Imtiaz Ahmed

Personal information
- Full name: Imtiaz Ahmed
- Role: Batsman

Domestic team information
- 1996–2002: Jammu and Kashmir

Career statistics
| Competition | FC | LA |
| Matches | 4 | 1 |
| Runs scored | 101 | 19 |
| Batting average | 12.62 | 19.00 |
| 100s/50s | 0/0 | 0/0 |
| Top score | 40 | 19 |
| Catches/stumpings | 2/- | 0/- |
- Source: CricketArchive, 8 July 2013

= Imtiaz Ahmed (Jammu and Kashmir cricketer) =

Indian cricketer

Imtiaz Ahmed (date of birth unknown) was an Indian cricketer who played several matches for Jammu and Kashmir during the late 1990s and early 2000s. Imtiaz made his first-class debut in October 1996, against Punjab in the 1996–97 edition of the Ranji Trophy.
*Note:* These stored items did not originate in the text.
Definition type4 (s : seq nat) : bool :=
  [&& many_big s, count form4 (chains s) == 1
    & all (fun c => form4 c || all2blocks c) (chains s)].

Definition type5 (s : seq nat) : bool :=
  [&& many_big s, count (fun c => c == [:: 5]) (chains s) == 1
    & all (fun c => [|| c == [:: 5], c == [::] | c == [:: 2]]) (chains s)].

Definition is_type (t : nat) (s : seq nat) : bool :=
  match t with
  | 1 => type1 s | 2 => type2 s | 3 => type3 s | 4 => type4 s | 5 => type5 s
  | _ => false
  end.

Definition has_type (A : finType) (p : pair A) (t : nat) : Prop :=
  exists k, por_decomp p k /\ is_type t (block_sizes k).

From mathcomp Require Import all_boot zify.
Set Implicit Arguments. Unset Strict Implicit. Unset Printing Implicit Defensive.

(* Write the rows of a pair of Sigma as [a X z] and [z Y a]: then [Y] arises
   from [X] by reversing the order of consecutive blocks [w1 ... wd] between a
   fixed prefix [w0] and a fixed suffix [w_{d+1}].  A switch move cuts [X] and
   [Y] just after the moved letters and permutes the pieces; according to
   whether these letters lie in the fixed prefix, in a block or in the fixed
   suffix, the new rows are again a block reversal, with explicit new blocks.
   In a block reversal a letter moves only together with its whole block, so a
   letter moving right never precedes, in both rows, a letter moving left.  In a
   piece-wise order reversing pair the first letter of a block of size >= 2
   moves right and its last letter moves left, and the blocks keep their order
   in both rows; so at most one block has size >= 2, which forces Type <1>. *)

Ltac cat_norm :=
  rewrite ?(rev_cat, rev_cons, flatten_cat, flatten_rcons) /=;
  repeat (rewrite -catA || rewrite cat_cons || rewrite cat0s || rewrite cats0).

Section Pivot.
Variable T : Type.
Implicit Types (s t : seq T) (ws : seq (seq T)).

Lemma flatten_cons w ws : flatten (w :: ws) = w ++ flatten ws.
Proof. by []. Qed.

Lemma pivot_eq_cat s1 s2 t1 t2 b :
  s1 ++ b :: s2 = t1 ++ t2 ->
  (exists m, t1 = s1 ++ b :: m /\ s2 = m ++ t2) \/
  (exists m, s1 = t1 ++ m /\ t2 = m ++ b :: s2).
Proof.
elim: s1 t1 => [|x s1 IH] [|y t1] /=.
- by move=> <-; right; exists [::].
- by case=> -> ->; left; exists t1.
- by move=> <-; right; exists (x :: s1).
- by case=> -> /IH [[m [-> ->]]|[m [-> ->]]]; [left|right]; exists m.
Qed.

Lemma flatten_eq_pivot ws s1 s2 b :
  flatten ws = s1 ++ b :: s2 ->
  exists ws1 al be ws2, [/\ ws = ws1 ++ (al ++ b :: be) :: ws2,
    s1 = flatten ws1 ++ al & s2 = be ++ flatten ws2].
Proof.
elim: ws s1 => [|w ws IH] s1 /=; first by case: s1.
move/esym/pivot_eq_cat => [[m [-> ->]]|[m [-> /IH]]].
- by exists [::], s1, m, ws.
- move=> [ws1 [al [be [ws2 [-> -> ->]]]]].
  by exists (w :: ws1), al, be, ws2; rewrite /= catA.
Qed.

End Pivot.

Lemma uniq_pivot_inj (T : eqType) (s1 s2 t1 t2 : seq T) b :
  s1 ++ b :: s2 = t1 ++ b :: t2 -> uniq (s1 ++ b :: s2) -> s1 = t1 /\ s2 = t2.
Proof. by move=> E U; move/eqP: E; rewrite uniq_eqseq_pivotl // => /andP[/eqP-> /eqP->]. Qed.

Lemma uniq_pivot2_inj (T : eqType) (s1 s2 s3 t1 t2 t3 : seq T) b c :
  s1 ++ b :: s2 ++ c :: s3 = t1 ++ b :: t2 ++ c :: t3 ->
  uniq (s1 ++ b :: s2 ++ c :: s3) -> [/\ s1 = t1, s2 = t2 & s3 = t3].
Proof.
move=> E U; have [-> E'] := uniq_pivot_inj E U.
move: U; rewrite cat_uniq => /and3P[_ _ /andP[_ /(uniq_pivot_inj E')[-> ->]]].
by [].
Qed.

Lemma uniq_pivot2_order (T : eqType) (s1 s2 s3 t1 t2 t3 : seq T) b c :
  s1 ++ b :: s2 ++ c :: s3 = t1 ++ c :: t2 ++ b :: t3 ->
  ~~ uniq (s1 ++ b :: s2 ++ c :: s3).
Proof.
move=> E; apply/negP => U.
have /uniq_pivot_inj/(_ U)[Es1 _] : s1 ++ b :: s2 ++ c :: s3 = (t1 ++ c :: t2) ++ b :: t3.
  by rewrite E -catA.
move: U; rewrite cat_uniq Es1 => /and3P[_ /negP nU _]; apply: nU; apply/hasP; exists c.
  by rewrite !(inE, mem_cat) eqxx !orbT.
by rewrite !(inE, mem_cat) eqxx !orbT.
Qed.

(* Empty blocks are allowed: they do not change the relation (see [in_SigmaP]). *)
Definition block_reversal (T : Type) (X Y : seq T) : Prop :=
  exists w0 wl (ws : seq (seq T)),
    X = w0 ++ flatten ws ++ wl /\ Y = w0 ++ flatten (rev ws) ++ wl.

Section BlockReversal.
Variable T : eqType.
Implicit Types (s X Y : seq T) (ws : seq (seq T)).

Lemma block_split_pivot w0 wl ws s1 s2 b :
  w0 ++ flatten ws ++ wl = s1 ++ b :: s2 ->
  [\/ exists l, w0 = s1 ++ b :: l /\ s2 = l ++ flatten ws ++ wl,
      exists ws1 al be ws2, [/\ ws = ws1 ++ (al ++ b :: be) :: ws2,
        s1 = w0 ++ flatten ws1 ++ al & s2 = be ++ flatten ws2 ++ wl]
    | exists l, wl = l ++ b :: s2 /\ s1 = w0 ++ flatten ws ++ l].
Proof.
move=> /esym E; case: (pivot_eq_cat E) => [[l [-> ->]]|[m [-> /esym E2]]].
  by constructor 1; exists l.
case: (pivot_eq_cat E2) => [[l [Ef ->]]|[l [-> ->]]].
  have [ws1 [al [be [ws2 [-> -> ->]]]]] := flatten_eq_pivot Ef.
  by constructor 2; exists ws1, al, be, ws2; split; cat_norm.
by constructor 3; exists l.
Qed.

Lemma block_reversal_rotate X Y u1 u2 u3 u4 b e :
  block_reversal X Y -> X = u1 ++ b :: u2 -> Y = u3 ++ b :: u4 -> uniq Y ->
  block_reversal (u2 ++ e :: u1) (u4 ++ e :: u3).
Proof.
move=> [w0 [wl [ws [-> ->]]]] + EY UY; rewrite EY in UY => /block_split_pivot[].
- move=> [l [Ew0 ->]]; subst w0.
  have /uniq_pivot_inj/(_ UY)[-> ->] :
    u3 ++ b :: u4 = u1 ++ b :: (l ++ flatten (rev ws) ++ wl) by rewrite -EY; cat_norm.
  by exists l, (wl ++ e :: u1), ws; split; cat_norm.
- move=> [ws1 [al [be [ws2 [Ews -> ->]]]]]; subst ws.
  have /uniq_pivot_inj/(_ UY)[-> ->] : u3 ++ b :: u4 =
    (w0 ++ flatten (rev ws2) ++ al) ++ b :: (be ++ flatten (rev ws1) ++ wl).
    by rewrite -EY; cat_norm.
  by exists be, al, (ws2 ++ (wl ++ e :: w0) :: ws1); split; cat_norm.
- move=> [l [Ewl ->]]; subst wl.
  have /uniq_pivot_inj/(_ UY)[-> ->] :
    u3 ++ b :: u4 = (w0 ++ flatten (rev ws) ++ l) ++ b :: u2 by rewrite -EY; cat_norm.
  by exists (u2 ++ e :: w0), l, ws; split; cat_norm.
Qed.

Lemma block_reversal_insert X Y s1 s2 t1 t2 m c :
  block_reversal X Y -> X = s1 ++ c :: s2 -> Y = t1 ++ c :: t2 -> uniq Y ->
  block_reversal (s1 ++ c :: m ++ s2) (t1 ++ c :: m ++ t2).
Proof.
move=> [w0 [wl [ws [-> ->]]]] + EY UY; rewrite EY in UY => /block_split_pivot[].
- move=> [l [Ew0 ->]]; subst w0.
  have /uniq_pivot_inj/(_ UY)[-> ->] :
    t1 ++ c :: t2 = s1 ++ c :: (l ++ flatten (rev ws) ++ wl) by rewrite -EY; cat_norm.
  by exists (s1 ++ c :: m ++ l), wl, ws; split; cat_norm.
- move=> [ws1 [al [be [ws2 [Ews -> ->]]]]]; subst ws.
  have /uniq_pivot_inj/(_ UY)[-> ->] : t1 ++ c :: t2 =
    (w0 ++ flatten (rev ws2) ++ al) ++ c :: (be ++ flatten (rev ws1) ++ wl).
    by rewrite -EY; cat_norm.
  by exists w0, wl, (ws1 ++ (al ++ c :: m ++ be) :: ws2); split; cat_norm.
- move=> [l [Ewl ->]]; subst wl.
  have /uniq_pivot_inj/(_ UY)[-> ->] :
    t1 ++ c :: t2 = (w0 ++ flatten (rev ws) ++ l) ++ c :: s2 by rewrite -EY; cat_norm.
  by exists w0, (l ++ c :: m ++ s2), ws; split; cat_norm.
Qed.

Lemma block_reversal_switch X Y u1 u2 u3 u4 u5 u6 b c :
  block_reversal X Y -> X = u1 ++ b :: u2 ++ c :: u3 ->
  Y = u4 ++ b :: u5 ++ c :: u6 -> uniq Y ->
  block_reversal (u2 ++ c :: u1 ++ b :: u3) (u5 ++ c :: u4 ++ b :: u6).
Proof.
move=> [w0 [wl [ws [-> ->]]]] + EY UY; rewrite EY in UY => /block_split_pivot[].
- move=> [l [Ew0 EX]]; subst w0.
  have /uniq_pivot_inj/(_ UY)[-> EY'] :
    u4 ++ b :: u5 ++ c :: u6 = u1 ++ b :: (l ++ flatten (rev ws) ++ wl).
    by rewrite -EY; cat_norm.
  have := block_reversal_insert (u1 ++ [:: b]) _ (esym EX) (esym EY').
  rewrite -!catA; apply; first by exists l, wl, ws.
  by move: UY; rewrite cat_uniq EY' => /and3P[_ _ /andP[]].
- move=> [ws1 [al [be [ws2 [Ews -> EX]]]]]; subst ws.
  move: EX => /esym/block_split_pivot[].
  + move=> [l [Ebe ->]]; subst be.
    have /uniq_pivot2_inj/(_ UY)[-> -> ->] : u4 ++ b :: u5 ++ c :: u6 =
      (w0 ++ flatten (rev ws2) ++ al) ++ b :: u2 ++ c :: (l ++ flatten (rev ws1) ++ wl).
      by rewrite -EY; cat_norm.
    by exists (u2 ++ c :: w0), wl, (ws1 ++ (al ++ b :: l) :: ws2); split; cat_norm.
  + move=> [vs1 [ga [de [vs2 [Ews2 -> ->]]]]]; subst ws2.
    have : u4 ++ b :: u5 ++ c :: u6 = (w0 ++ flatten (rev vs2) ++ ga) ++ c ::
      (de ++ flatten (rev vs1) ++ al) ++ b :: (be ++ flatten (rev ws1) ++ wl).
      by rewrite -EY; cat_norm.
    by move/uniq_pivot2_order; rewrite UY.
  + move=> [l [Ewl ->]]; subst wl.
    have /uniq_pivot2_inj/(_ UY)[-> -> ->] : u4 ++ b :: u5 ++ c :: u6 =
      (w0 ++ flatten (rev ws2) ++ al) ++ b :: (be ++ flatten (rev ws1) ++ l) ++ c :: u3.
      by rewrite -EY; cat_norm.
    by exists be, (al ++ b :: u3), (ws2 ++ (l ++ c :: w0) :: ws1); split; cat_norm.
- move=> [l [Ewl ->]]; subst wl.
  have /uniq_pivot2_inj/(_ UY)[-> -> ->] : u4 ++ b :: u5 ++ c :: u6 =
    (w0 ++ flatten (rev ws) ++ l) ++ b :: u2 ++ c :: u3 by rewrite -EY; cat_norm.
  by exists (u2 ++ c :: w0), (l ++ b :: u3), ws; split; cat_norm.
Qed.

Lemma size_flatten_rev ws : size (flatten (rev ws)) = size (flatten ws).
Proof. by rewrite !size_flatten /shape map_rev sumn_rev. Qed.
A lower-order batsman, he played a further match in the following season's tournament, and also a single List A match in the limited-overs Ranji One-Day Trophy. Imtiaz did not play any further matches for Jammu and Kashmir until the 2002–03 season, which were to be his final two at first-class level. He finished his career with 101 runs from four matches at first-class level, with his highest score an innings of 40 runs against Madhya Pradesh in December 2002.